# WHAT YOU SHOULD DO:
Filter the listing so that only lines with the word "rewrite" remain.
■ ■ ■ ■
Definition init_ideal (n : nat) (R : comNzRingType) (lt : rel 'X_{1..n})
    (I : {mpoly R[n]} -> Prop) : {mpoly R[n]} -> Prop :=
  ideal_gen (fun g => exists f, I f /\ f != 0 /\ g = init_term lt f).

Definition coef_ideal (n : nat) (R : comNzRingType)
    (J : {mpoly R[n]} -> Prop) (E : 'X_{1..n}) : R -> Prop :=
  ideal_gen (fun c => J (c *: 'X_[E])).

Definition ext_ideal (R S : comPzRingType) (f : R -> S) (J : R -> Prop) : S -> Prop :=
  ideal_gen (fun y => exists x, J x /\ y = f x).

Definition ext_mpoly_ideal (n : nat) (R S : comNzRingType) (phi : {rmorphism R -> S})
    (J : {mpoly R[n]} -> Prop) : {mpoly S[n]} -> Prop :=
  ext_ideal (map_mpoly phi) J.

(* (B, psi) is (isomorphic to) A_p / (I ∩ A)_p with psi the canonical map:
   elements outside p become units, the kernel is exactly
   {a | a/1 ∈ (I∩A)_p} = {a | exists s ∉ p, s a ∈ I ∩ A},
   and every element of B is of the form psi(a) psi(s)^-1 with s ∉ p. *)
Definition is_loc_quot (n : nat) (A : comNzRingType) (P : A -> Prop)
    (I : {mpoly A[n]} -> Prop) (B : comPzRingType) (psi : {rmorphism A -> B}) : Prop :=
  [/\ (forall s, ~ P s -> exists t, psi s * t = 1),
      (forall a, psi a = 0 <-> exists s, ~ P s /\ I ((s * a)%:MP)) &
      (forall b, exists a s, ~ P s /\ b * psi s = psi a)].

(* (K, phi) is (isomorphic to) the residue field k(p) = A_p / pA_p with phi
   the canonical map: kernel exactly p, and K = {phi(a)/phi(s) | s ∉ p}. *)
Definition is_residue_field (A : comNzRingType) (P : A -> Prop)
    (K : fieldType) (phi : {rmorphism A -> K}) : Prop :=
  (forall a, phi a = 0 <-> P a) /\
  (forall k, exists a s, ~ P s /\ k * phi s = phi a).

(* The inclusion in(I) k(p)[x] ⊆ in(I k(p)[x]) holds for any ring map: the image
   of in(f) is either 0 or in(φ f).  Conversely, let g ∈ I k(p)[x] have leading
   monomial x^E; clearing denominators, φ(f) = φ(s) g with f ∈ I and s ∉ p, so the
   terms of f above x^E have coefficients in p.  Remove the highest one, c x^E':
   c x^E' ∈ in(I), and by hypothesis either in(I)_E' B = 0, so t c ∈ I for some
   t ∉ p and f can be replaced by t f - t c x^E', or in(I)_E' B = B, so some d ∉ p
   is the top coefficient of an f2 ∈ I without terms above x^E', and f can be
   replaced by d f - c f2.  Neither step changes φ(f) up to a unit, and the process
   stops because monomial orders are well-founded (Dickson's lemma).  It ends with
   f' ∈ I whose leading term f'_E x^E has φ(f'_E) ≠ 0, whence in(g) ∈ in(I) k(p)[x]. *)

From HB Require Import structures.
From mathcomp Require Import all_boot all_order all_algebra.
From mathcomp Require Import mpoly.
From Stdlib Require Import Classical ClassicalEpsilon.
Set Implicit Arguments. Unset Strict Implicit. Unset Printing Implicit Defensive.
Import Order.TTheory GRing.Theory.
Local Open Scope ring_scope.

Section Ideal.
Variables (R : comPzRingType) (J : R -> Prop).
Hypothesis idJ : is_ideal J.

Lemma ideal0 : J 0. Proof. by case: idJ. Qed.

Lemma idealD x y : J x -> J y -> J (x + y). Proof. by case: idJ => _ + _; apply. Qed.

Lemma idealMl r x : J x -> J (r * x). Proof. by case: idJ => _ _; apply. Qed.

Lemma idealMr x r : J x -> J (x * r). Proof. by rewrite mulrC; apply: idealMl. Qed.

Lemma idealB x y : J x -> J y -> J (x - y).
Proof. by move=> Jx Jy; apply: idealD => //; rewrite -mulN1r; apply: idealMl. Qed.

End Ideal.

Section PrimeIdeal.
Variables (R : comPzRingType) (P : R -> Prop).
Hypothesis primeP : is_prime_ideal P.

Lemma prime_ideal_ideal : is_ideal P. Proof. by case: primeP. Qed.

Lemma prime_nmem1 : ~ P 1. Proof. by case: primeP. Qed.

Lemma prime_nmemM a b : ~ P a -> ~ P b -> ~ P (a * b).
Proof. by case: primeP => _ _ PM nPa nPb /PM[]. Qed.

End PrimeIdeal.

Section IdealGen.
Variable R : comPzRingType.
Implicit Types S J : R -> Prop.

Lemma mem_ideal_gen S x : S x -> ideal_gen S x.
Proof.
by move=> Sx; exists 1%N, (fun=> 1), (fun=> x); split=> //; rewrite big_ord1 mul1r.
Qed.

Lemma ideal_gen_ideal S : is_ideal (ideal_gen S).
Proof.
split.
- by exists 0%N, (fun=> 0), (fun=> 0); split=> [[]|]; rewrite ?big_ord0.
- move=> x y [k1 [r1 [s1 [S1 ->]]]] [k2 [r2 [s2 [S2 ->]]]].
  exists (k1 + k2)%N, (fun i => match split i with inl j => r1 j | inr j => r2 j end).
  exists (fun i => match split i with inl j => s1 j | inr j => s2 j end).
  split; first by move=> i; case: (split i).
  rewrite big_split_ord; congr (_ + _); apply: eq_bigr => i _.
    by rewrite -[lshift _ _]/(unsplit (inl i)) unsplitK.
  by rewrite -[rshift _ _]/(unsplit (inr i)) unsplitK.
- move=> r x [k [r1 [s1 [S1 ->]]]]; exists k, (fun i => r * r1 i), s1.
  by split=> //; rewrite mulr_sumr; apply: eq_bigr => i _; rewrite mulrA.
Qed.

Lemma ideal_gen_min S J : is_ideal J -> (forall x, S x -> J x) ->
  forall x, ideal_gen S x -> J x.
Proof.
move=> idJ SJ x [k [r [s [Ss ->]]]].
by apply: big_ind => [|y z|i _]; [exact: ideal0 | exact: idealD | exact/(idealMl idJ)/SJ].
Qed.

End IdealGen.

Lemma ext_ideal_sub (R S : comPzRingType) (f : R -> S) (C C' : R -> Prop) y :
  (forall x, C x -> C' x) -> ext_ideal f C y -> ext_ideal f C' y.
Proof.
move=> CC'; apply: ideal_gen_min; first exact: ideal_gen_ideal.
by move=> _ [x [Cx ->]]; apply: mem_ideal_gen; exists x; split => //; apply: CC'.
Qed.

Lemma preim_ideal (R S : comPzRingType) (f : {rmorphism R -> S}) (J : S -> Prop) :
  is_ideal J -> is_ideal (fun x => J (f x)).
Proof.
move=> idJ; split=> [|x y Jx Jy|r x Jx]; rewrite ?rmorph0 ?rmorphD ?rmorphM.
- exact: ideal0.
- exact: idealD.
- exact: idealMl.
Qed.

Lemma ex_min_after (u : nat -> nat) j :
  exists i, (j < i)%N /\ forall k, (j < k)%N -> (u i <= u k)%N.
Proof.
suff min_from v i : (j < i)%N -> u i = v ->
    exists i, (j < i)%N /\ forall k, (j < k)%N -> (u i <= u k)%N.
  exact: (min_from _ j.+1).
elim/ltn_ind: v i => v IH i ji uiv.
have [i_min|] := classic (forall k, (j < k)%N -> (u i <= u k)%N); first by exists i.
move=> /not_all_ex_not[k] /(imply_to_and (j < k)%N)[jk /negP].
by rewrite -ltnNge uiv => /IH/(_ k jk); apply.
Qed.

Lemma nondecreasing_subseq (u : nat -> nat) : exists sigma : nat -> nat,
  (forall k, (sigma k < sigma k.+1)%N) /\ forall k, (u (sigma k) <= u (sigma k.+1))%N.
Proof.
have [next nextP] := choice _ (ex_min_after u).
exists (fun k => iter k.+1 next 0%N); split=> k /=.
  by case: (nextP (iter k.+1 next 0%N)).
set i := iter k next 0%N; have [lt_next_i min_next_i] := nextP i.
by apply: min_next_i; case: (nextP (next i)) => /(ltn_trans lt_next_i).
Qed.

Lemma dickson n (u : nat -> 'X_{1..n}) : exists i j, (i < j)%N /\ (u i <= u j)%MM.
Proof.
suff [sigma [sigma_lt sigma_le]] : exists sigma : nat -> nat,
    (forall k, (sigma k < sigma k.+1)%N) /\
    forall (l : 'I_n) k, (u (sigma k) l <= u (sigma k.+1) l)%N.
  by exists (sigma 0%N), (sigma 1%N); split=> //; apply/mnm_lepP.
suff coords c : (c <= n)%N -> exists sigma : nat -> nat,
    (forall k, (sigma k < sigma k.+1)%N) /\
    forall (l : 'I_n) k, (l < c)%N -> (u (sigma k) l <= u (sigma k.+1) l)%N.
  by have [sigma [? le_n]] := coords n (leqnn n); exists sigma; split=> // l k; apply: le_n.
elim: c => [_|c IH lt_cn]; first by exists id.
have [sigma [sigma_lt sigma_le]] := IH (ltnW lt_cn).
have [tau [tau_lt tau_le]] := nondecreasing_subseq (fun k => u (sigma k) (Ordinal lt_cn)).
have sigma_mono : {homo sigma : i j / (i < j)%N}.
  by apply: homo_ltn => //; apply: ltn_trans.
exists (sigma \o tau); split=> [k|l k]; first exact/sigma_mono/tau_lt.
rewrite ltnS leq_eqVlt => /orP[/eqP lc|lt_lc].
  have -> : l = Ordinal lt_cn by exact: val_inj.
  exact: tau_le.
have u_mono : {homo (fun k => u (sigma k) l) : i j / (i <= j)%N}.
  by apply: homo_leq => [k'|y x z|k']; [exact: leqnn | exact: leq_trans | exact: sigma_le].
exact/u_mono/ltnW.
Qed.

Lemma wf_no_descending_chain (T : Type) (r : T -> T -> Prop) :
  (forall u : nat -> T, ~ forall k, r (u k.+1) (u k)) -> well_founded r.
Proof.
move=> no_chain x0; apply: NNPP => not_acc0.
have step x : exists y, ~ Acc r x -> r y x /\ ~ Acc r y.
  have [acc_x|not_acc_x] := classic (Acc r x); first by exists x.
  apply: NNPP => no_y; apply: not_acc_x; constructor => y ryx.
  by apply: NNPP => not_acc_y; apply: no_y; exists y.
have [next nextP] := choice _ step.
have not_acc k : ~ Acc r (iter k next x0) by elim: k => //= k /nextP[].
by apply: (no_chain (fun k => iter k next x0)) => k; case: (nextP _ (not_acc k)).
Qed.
■ ■ ■ ■
# EXERCISE OUTPUT:
Lemma idealMr x r : J x -> J (x * r). Proof. by rewrite mulrC; apply: idealMl. Qed.
Proof. by move=> Jx Jy; apply: idealD => //; rewrite -mulN1r; apply: idealMl. Qed.
by move=> Sx; exists 1%N, (fun=> 1), (fun=> x); split=> //; rewrite big_ord1 mul1r.
- by exists 0%N, (fun=> 0), (fun=> 0); split=> [[]|]; rewrite ?big_ord0.
  rewrite big_split_ord; congr (_ + _); apply: eq_bigr => i _.
    by rewrite -[lshift _ _]/(unsplit (inl i)) unsplitK.
  by rewrite -[rshift _ _]/(unsplit (inr i)) unsplitK.
  by split=> //; rewrite mulr_sumr; apply: eq_bigr => i _; rewrite mulrA.
move=> idJ; split=> [|x y Jx Jy|r x Jx]; rewrite ?rmorph0 ?rmorphD ?rmorphM.
by rewrite -ltnNge uiv => /IH/(_ k jk); apply.
rewrite ltnS leq_eqVlt => /orP[/eqP lc|lt_lc].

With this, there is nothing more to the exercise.